За неделю до этого снаряд повредил дом Слово, резиденцию писателей и поэтов расстрелянного Возрождения.
Богдан говорит: «Я еще ни разу не плакал. Держусь до победы, но это просто… Вот скоты! Пытаешься как-то блокировать в себе какие-то штуки, что попадают в жилые дома, в квартиры обычные. А тут оно когда попадает в дом Слово, уже не можешь терпеть, потому что это значимая какая-то штука. И оно все вспоминается, все наваливается…».
Пока остывает хлеб, Богдан принимается за ужин: сегодня макароны с тушенкой и томатным соусом. Вокруг стола собирается большая новоиспеченная волонтерская семья и произносит молитву: «Слава Украине — Героям Слава! Слава нации — смерть ворогам! Україна — понад усе! Путин — хуйло! Русский военный корабль — иди нахуй!».
Ежевечерне.
Волонтерство — новая форма творческой синергии в Харькове.
24-летняя Татьяна Голубова занималась культурным менеджментом двух известных харьковских независимых театров «Прекрасные цветы» и «Нефть». Теперь, когда война поставила все на паузу, ее коллективы занялись гуманитарной помощью жителям пострадавших районов города. Лекарства и еда — основная потребность.
Харьковская волонтерка Татьяна Голубова, 19 марта 2022 года. Фото: Татьяна Козак, Ґрати
«Очень странно, что я окружена теми же самыми людьми, по сути, с которыми я работаю, но мы полностью изменили вектор и ищем, где найти 20-тонную фуру, какие бронежилеты заказать и еще что-то, о чем бы я не подумала месяц назад», — рассказывает Татьяна.
Многие помогают удаленно, только Татьяна и еще несколько коллег — в Харькове. Она не уехала, потому что здесь вся ее семья, и именно здесь она чувствует себя полезной.
«Я понимаю, что если поеду, мне станет хуже», — объясняет свой выбор остаться Татьяна.
Хотя дома, у родных, она давно не была. Все эти дни живет и работает с другими волонтерами. «Милитаристский ко-ливинг» — так они называют свой нынешний образ жизни. К сиренам и обстрелам привыкли — уже не каждый раз спускаются под землю. Но Татьяна продолжает спать в подвале, где у нее есть свет и проведен вайфай.
За день волонтерская группа помогает примерно четырем тысячам человек. Большинство — гражданских.
Вместе с ней работает поэт и музыкант Олег Каданов, фронтмен «Оркестра Че» и участник группы «Линия Маннергейма».

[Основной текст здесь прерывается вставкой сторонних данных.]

Lemma nvotes_sym n h (p : profile n h) x y : x != y -> nvotes p x y + nvotes p y x = h.
Proof.
move=> xy; rewrite /nvotes -[RHS]card_ord -(cardsC [set i | above (p i) x y]).
congr (_ + _); apply: eq_card => i; rewrite !inE /above ltnNge leq_eqVlt.
by rewrite val_eqE (inj_eq (@perm_inj _ (p i))) (negbTE xy).
Qed.

Lemma nvotes_triangle n h (p : profile n h) x y z :
  nvotes p x y + nvotes p y z <= h + nvotes p x z.
Proof.
rewrite /nvotes -cardsUI leq_add //; first by rewrite -[X in _ <= X](card_ord h) max_card.
apply: subset_leq_card; apply/subsetP => i.
by rewrite !inE /above => /andP[]; apply: ltn_trans.
Qed.

Lemma maj_nvotes n h (p : profile n h) x y :
  x != y -> maj p x y = (nvotes p y x < nvotes p x y).
Proof. by move=> xy; have := nvotes_sym p xy; rewrite /maj /mu0 -divn2; lia. Qed.

Lemma mu0_le h : 0 < h -> mu0 h <= h.
Proof. by rewrite /mu0 -divn2; lia. Qed.

Lemma minimax_score_le n h (p : profile n h) x B :
  (forall y, y != x -> nvotes p y x <= B) -> minimax_score p x <= B.
Proof. by move/bigmax_leqP. Qed.

Lemma leq_minimax_score n h (p : profile n h) x y :
  y != x -> nvotes p y x <= minimax_score p x.
Proof. exact: (@leq_bigmax_cond _ _ (fun y => nvotes p y x)). Qed.

Section Enumeration.

Variables (T : finType) (s : seq T).
Hypothesis enumT_s : enum T = s.

Lemma forall_enum (P : pred T) : [forall x, P x] = all P s.
Proof.
rewrite -enumT_s; apply/forallP/allP => [Px x _ | Px x]; first exact: Px.
by apply: Px; rewrite mem_enum.
Qed.

Lemma card_set_enum (P : pred T) : #|[set x | P x]| = count P s.
Proof. by rewrite -enumT_s cardsE cardE {1}/enum_mem size_filter -enumT. Qed.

Харьковский рок сегодня — это закрывать потребности военных на передовой. Каданов так и делает: достает коптеры, тепловизоры, бронежилеты, — все, что нужно. Официальная страничка в фейсбуке другого харьковского поэта и писателя Сергея Жадана, выдвинутого в этом году на Нобелевскую премию по литературе, превратилась в боевой листок и хронику военного Харькова одновременно. Он не уехал из города, и между сбором денег на гуманитарку и доставкой помощи вместе со своей группой «Жадан и Собаки» поддерживает дух харьковского сопротивления. Он его лидер, его оберег.
«Мы находимся в каком-то потоке… в постоянном тонусе. Времени рефлексировать нет», — описывает общее состояние Татьяна.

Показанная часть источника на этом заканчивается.